▸ **EXERCISE DESCRIPTION**
Could you print exactly the lines of the listing below, starting at the line that has "Definition is_psqrt (w" and ending at the line that has "From mathcomp Require Rstruct", and only those lines?

▸ **DATA SHOWN**
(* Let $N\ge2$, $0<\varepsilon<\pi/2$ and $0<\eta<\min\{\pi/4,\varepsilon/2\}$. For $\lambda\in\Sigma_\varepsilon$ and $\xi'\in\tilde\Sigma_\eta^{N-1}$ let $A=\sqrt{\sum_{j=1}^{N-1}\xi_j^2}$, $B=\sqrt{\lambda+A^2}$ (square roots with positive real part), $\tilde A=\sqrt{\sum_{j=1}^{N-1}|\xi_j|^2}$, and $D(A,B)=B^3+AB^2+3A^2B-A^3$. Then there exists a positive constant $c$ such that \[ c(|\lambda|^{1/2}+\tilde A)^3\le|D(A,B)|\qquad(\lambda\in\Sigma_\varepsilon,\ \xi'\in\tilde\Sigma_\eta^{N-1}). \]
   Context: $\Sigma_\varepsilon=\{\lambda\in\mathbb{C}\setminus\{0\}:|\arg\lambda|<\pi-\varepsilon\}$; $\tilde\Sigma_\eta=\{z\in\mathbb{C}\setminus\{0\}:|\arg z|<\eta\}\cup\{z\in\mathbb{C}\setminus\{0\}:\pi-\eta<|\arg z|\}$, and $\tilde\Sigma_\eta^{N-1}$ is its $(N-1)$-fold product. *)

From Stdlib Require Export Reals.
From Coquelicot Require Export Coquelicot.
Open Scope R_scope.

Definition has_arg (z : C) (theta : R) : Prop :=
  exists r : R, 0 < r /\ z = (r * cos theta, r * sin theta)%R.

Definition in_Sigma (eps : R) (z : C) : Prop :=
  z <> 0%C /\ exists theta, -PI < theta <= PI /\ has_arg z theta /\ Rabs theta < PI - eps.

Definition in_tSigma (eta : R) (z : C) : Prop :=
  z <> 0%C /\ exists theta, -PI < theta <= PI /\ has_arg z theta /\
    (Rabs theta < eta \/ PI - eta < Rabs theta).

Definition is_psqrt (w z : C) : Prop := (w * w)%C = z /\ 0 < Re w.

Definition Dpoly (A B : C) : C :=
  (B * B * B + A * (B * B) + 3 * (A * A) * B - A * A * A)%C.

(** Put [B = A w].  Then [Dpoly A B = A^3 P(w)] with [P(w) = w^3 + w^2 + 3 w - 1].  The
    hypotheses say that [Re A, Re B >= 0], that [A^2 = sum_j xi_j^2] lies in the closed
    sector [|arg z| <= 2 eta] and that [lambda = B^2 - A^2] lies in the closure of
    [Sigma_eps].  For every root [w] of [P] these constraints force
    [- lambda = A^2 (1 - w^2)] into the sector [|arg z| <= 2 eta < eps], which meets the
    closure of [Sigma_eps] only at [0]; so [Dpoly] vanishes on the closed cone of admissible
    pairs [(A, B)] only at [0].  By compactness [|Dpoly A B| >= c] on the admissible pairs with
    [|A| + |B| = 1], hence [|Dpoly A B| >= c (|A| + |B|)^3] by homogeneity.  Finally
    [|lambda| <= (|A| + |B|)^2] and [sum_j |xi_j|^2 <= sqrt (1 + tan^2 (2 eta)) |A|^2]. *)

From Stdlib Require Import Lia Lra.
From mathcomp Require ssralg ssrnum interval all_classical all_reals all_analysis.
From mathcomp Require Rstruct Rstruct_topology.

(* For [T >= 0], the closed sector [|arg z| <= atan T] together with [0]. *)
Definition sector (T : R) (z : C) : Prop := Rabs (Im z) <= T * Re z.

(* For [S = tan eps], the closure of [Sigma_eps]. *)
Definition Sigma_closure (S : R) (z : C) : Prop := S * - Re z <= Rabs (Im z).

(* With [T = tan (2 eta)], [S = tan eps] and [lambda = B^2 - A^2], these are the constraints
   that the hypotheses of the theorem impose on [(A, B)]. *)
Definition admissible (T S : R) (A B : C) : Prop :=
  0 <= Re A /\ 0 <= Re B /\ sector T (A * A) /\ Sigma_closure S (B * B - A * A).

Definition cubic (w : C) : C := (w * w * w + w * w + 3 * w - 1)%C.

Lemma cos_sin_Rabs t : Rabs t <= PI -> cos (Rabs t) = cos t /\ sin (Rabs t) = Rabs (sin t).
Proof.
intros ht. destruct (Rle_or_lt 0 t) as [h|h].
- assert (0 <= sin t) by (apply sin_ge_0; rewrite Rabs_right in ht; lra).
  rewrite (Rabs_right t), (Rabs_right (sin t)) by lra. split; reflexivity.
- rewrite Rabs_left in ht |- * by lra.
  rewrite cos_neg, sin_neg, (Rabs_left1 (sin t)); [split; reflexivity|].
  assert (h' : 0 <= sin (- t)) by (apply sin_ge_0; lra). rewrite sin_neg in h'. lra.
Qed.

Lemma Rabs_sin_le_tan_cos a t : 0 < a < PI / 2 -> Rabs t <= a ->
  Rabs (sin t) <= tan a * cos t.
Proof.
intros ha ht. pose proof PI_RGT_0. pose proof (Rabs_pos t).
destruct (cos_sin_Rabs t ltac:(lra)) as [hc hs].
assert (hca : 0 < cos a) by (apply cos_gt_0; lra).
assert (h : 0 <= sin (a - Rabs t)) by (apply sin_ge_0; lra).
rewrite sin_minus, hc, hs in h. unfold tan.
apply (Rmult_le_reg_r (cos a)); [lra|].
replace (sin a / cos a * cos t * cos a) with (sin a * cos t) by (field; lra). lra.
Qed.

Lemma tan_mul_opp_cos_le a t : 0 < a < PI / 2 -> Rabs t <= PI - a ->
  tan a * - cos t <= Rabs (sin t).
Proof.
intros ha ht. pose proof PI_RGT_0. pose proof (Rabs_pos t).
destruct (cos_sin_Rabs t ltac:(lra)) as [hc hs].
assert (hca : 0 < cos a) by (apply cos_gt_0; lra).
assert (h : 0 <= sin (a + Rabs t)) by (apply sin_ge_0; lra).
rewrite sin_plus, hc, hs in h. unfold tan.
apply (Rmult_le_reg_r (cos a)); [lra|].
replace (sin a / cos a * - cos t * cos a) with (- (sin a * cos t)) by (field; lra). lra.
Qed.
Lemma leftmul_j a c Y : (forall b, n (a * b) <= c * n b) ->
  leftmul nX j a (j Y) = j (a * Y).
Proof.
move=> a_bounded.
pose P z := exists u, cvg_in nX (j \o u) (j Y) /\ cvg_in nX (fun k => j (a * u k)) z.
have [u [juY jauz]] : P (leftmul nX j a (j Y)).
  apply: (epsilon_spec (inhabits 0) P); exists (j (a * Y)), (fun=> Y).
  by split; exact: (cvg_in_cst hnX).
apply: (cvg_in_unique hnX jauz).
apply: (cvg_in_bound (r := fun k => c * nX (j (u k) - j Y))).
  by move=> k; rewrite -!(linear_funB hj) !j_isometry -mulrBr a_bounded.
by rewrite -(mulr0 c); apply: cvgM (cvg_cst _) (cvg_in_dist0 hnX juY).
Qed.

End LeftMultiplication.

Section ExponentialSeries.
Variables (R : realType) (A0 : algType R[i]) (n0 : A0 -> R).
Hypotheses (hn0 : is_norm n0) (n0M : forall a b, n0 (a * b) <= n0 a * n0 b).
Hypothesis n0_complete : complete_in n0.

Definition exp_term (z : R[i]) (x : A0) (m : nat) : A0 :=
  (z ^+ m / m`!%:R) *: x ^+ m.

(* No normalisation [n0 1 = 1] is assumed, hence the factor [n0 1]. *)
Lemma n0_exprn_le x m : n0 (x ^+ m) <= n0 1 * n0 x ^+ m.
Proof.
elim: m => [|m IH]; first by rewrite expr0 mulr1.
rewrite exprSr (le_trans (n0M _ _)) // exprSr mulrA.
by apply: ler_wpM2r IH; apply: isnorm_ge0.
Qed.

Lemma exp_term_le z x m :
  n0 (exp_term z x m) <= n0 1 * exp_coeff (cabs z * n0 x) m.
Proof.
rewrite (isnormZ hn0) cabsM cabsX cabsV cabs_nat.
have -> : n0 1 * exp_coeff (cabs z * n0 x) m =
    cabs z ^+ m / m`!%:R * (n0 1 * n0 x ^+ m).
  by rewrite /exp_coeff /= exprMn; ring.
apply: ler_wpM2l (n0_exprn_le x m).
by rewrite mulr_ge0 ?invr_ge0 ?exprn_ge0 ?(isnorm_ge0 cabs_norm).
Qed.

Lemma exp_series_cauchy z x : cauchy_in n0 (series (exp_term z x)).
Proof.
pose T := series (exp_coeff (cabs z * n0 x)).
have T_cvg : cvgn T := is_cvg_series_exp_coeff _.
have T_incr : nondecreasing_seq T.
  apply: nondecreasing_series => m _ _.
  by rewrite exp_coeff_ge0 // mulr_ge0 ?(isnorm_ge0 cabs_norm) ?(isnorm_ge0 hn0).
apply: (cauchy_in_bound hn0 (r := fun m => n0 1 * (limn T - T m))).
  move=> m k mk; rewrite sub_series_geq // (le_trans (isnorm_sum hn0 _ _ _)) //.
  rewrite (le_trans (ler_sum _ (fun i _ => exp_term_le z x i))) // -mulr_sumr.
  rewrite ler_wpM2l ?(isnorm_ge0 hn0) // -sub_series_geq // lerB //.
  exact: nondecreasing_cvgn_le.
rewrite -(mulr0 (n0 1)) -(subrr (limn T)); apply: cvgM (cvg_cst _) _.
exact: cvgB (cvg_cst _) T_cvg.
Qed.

▸ **RESPONSE**
Definition is_psqrt (w z : C) : Prop := (w * w)%C = z /\ 0 < Re w.

Definition Dpoly (A B : C) : C :=
  (B * B * B + A * (B * B) + 3 * (A * A) * B - A * A * A)%C.

(** Put [B = A w].  Then [Dpoly A B = A^3 P(w)] with [P(w) = w^3 + w^2 + 3 w - 1].  The
    hypotheses say that [Re A, Re B >= 0], that [A^2 = sum_j xi_j^2] lies in the closed
    sector [|arg z| <= 2 eta] and that [lambda = B^2 - A^2] lies in the closure of
    [Sigma_eps].  For every root [w] of [P] these constraints force
    [- lambda = A^2 (1 - w^2)] into the sector [|arg z| <= 2 eta < eps], which meets the
    closure of [Sigma_eps] only at [0]; so [Dpoly] vanishes on the closed cone of admissible
    pairs [(A, B)] only at [0].  By compactness [|Dpoly A B| >= c] on the admissible pairs with
    [|A| + |B| = 1], hence [|Dpoly A B| >= c (|A| + |B|)^3] by homogeneity.  Finally
    [|lambda| <= (|A| + |B|)^2] and [sum_j |xi_j|^2 <= sqrt (1 + tan^2 (2 eta)) |A|^2]. *)

From Stdlib Require Import Lia Lra.
From mathcomp Require ssralg ssrnum interval all_classical all_reals all_analysis.
From mathcomp Require Rstruct Rstruct_topology.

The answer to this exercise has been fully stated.